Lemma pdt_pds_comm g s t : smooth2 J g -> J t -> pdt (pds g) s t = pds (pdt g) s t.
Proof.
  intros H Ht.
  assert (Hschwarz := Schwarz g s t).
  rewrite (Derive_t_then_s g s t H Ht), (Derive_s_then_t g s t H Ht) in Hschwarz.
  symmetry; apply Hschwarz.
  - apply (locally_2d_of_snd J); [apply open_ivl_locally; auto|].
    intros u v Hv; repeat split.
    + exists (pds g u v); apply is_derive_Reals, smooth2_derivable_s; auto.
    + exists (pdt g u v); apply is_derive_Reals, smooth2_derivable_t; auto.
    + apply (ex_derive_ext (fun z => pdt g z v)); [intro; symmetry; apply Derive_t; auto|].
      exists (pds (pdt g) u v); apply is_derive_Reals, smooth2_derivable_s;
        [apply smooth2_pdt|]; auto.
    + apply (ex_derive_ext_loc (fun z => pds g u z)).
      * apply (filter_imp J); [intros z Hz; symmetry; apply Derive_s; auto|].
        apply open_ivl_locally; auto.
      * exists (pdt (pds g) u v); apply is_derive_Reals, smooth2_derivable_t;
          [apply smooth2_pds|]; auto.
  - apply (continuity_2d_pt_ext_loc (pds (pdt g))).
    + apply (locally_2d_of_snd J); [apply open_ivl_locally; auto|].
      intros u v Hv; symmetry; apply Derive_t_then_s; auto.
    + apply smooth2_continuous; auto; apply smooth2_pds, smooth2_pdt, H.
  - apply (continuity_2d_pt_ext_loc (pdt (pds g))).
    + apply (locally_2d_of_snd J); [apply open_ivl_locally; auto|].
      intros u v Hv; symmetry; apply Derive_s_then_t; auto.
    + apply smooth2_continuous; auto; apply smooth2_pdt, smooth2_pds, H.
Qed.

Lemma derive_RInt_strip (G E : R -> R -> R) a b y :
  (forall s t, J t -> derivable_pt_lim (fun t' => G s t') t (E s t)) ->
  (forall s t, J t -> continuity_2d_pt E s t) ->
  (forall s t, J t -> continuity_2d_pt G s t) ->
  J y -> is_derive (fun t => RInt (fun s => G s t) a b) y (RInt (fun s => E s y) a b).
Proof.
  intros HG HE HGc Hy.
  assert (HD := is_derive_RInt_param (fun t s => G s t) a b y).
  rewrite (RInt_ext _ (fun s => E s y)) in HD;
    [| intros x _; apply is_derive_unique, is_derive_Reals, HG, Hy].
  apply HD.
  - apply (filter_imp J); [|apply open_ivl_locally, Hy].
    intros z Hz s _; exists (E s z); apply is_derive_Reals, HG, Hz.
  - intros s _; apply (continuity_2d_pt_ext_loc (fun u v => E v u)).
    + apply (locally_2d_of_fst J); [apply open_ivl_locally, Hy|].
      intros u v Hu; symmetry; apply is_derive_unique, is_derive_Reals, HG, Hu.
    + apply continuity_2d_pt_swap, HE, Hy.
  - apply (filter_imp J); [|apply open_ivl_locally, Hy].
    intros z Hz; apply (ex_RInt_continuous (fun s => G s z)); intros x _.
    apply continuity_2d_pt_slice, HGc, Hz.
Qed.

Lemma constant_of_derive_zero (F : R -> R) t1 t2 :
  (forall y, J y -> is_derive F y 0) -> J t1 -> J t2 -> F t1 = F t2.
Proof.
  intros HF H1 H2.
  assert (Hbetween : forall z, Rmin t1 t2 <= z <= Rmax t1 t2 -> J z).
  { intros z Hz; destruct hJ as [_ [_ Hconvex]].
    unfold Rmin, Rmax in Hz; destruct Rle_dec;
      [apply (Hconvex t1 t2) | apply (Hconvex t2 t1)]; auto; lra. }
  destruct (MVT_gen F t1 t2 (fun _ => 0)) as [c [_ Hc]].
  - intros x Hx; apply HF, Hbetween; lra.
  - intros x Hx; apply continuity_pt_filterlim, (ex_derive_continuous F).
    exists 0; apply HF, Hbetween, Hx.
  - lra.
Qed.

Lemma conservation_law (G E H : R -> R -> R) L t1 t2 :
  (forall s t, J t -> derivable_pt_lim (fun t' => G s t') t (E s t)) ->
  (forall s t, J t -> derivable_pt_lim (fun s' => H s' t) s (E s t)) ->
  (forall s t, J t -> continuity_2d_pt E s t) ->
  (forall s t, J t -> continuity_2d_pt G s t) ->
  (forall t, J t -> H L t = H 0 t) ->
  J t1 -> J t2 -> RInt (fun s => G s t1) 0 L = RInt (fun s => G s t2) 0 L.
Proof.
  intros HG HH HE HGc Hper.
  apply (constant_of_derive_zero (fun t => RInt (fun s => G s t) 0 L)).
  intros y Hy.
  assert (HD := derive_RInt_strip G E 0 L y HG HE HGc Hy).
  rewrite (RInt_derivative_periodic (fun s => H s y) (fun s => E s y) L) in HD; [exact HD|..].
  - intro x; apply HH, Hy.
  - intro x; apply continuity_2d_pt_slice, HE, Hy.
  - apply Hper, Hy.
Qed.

_Task details_:
In the entries above, find each line that has the word "Rmin". Copy it.

_Task output_:
  assert (Hbetween : forall z, Rmin t1 t2 <= z <= Rmax t1 t2 -> J z).
    unfold Rmin, Rmax in Hz; destruct Rle_dec;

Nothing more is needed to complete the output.